2. The testimony of a police officer disclosed that during a prearrest interview Benham did not respond to some of the questions asked of him. Benham moved for a mistrial, contending that this testimony amounted to an unfavorable comment by the district attorney on his silence. The motion was denied. The interview took place before Benham’s arrest. It does not reflect an attempt by the district attorney to call attention to or comment unfavorably upon Benham’s silence.

Every comment directed toward a defendant’s silence will not be cause for an automatic reversal. ... To reverse a conviction the evidence of the defendant’s election to remain silent must point directly at the substance of defendant’s defense or otherwise substantially prejudice the defendant in *250the eyes of the jury.
Decided May 25, 1989. John Thomas Chason, for appellant. Lewis R. Slaton, District Attorney, Carole E. Wall, Assistant District Attorney, Michael J. Bowers, Attorney General, Leonora Grant, for appellee.

Smith v. State, 244 Ga. 814, 815, 816 (262 SE2d 116) (1979).

3. Benham contends that it was error to allow a police officer to testify he had received information from a “concerned citizen,” and that he relayed the information to a second police officer. The substance of the information was not disclosed to the jury. Benham contends that because he was arrested by the second police officer after the receipt of the information, the jury could have concluded that his arrest was based upon such information. The second officer testified that prior to arresting Benham he had spoken with numerous witnesses, made a detailed examination of the crime scene, and interviewed Benham. Momon v. State, 249 Ga. 865 (294 SE2d 482) (1982), relied upon by Benham, is inapplicable. There was no error.

4. Benham contends that the trial court erred in refusing to excuse two prospective jurors who were challenged for cause. From the record, it is obvious that neither was anxious to serve. One was the victim of a recent crime, and the other was an accountant who was laboring under pressing responsibilities. After hearing their concerns, the trial court ruled that each was qualified to serve. There was no error. Robinson v. State, 180 Ga. App. 248, 249 (348 SE2d 761) (1986).

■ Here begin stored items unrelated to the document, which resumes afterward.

Lemma Uinv_coef_fpsXn m n : (0 < m)%N ->
  Uinv_coef n (fpsX ^+ m) = if (n < m)%N then 0 else (Phi_root ^+ n) (n - m)%N * (m%:R / n%:R).
Proof.
move=> m_gt0; rewrite /Uinv_coef coef_fpsXnM; case: ltnP => // le_m_n.
rewrite coef_lagrange_kernel ?(leq_trans m_gt0) // natrB //; congr (_ * _).
by congr (_ / _); rewrite opprB addrC subrK.
Qed.

Lemma coef0_U : U 0%N = 0.
Proof. by rewrite /U -[fpsX]expr1 Uinv_coef_fpsXn. Qed.

Lemma coef1_U : U 1%N = 1.
Proof.
by rewrite /U -[fpsX]expr1 Uinv_coef_fpsXn //= expr1 subnn coef0_Phi_root divr1 mulr1.
Qed.

Lemma U_root_eqn : root_eqn h 1 U.
Proof.
apply: fps_comp_Uinv_inj; rewrite /= fps_compM ?coef0_Uinv // !fps_compXn ?coef0_Uinv //.
rewrite fps_compX ?coef0_Uinv // fps_comp_Phi_at ?coef0_Uinv // fps_comp_U -Phi_sum.
by rewrite muln1 -Phi_rootXh -exprMn /Uinv mulrVK ?unitrX ?Phi_root_unit.
Qed.

End Lagrange.

(** * Roots of [u^h = s^(h d) Phi_h(u)] *)

Lemma coef0_fpsCXn c d : (0 < d)%N -> (fpsC c * fpsX ^+ d) 0%N = 0.
Proof. by move=> d_gt0; rewrite coef_fpsCM coef_fpsXn eq_sym gtn_eqF ?mulr0. Qed.

Lemma fps_subst_comp c d f : (0 < d)%N -> fps_subst c d f = fps_comp f (fpsC c * fpsX ^+ d).
Proof.
move=> d_gt0; apply: funext => n; rewrite coef_fps_comp ?coef0_fpsCXn // /fps_subst.
under eq_bigr do rewrite exprMn -rmorphXn coef_fpsCM -exprM coef_fpsXn.
have [/dvdnP[m ->]|ndvd_d_n] := boolP (d %| n)%N.
  have lt_m_md : (m < (m * d).+1)%N by rewrite ltnS leq_pmulr.
  rewrite mulnK // (bigD1 (Ordinal lt_m_md)) //= big1 ?addr0 => [|i /eqP ne_i_m].
    by rewrite mulnC eqxx mulr1 mulrC.
  rewrite [(d * i)%N]mulnC eqn_pmul2r // (_ : (m == i) = false) ?mulr0 //.
  by apply/eqP => eq_m_i; case: ne_i_m; apply: val_inj.
rewrite big1 // => i _; rewrite (_ : n == d * i = false) ?mulr0 //.
by apply: contraNF ndvd_d_n => /eqP ->; apply: dvdn_mulr.
Qed.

5. The jury verdict found Benham guilty of felony murder, and recited that the underlying felonies were armed robbery and burglary. Hence, the discrete convictions for armed robbery and burglary must be set aside, as merged with the felony murder conviction. Sanborn v. State, 251 Ga. 169, 170 (304 SE2d 377) (1983).

Judgment affirmed in part and reversed in part.

All the Justices concur.

The crimes were committed on August 9,1985, and Benham was indicted on December 13, 1985. Benham was found guilty by a jury and was sentenced on September 26, 1986. His motion for new trial was filed on October 20, 1986, and was amended on September 2, 1988. The amended motion for new trial was denied on September 13, 1988. Benham’s notice of appeal was filed on October 11, 1988. This appeal was docketed in this court on November 2, 1988, and was argued before this court on January 12, 1989.

The victim was stabbed to death in her ransacked home. Her money had been taken. Following the murder, the sole of Benham’s athletic shoe was found to be embedded with blood consistent with the victim’s blood. This shoe sole matched an imprint on an article of the victim’s clothing found at the murder scene. Benham, who was chronically without funds, had money the day following the murder. He purchased six new pairs of athletic shoes. He confided to a witness, after the killing, that he suddenly had “come into” some money.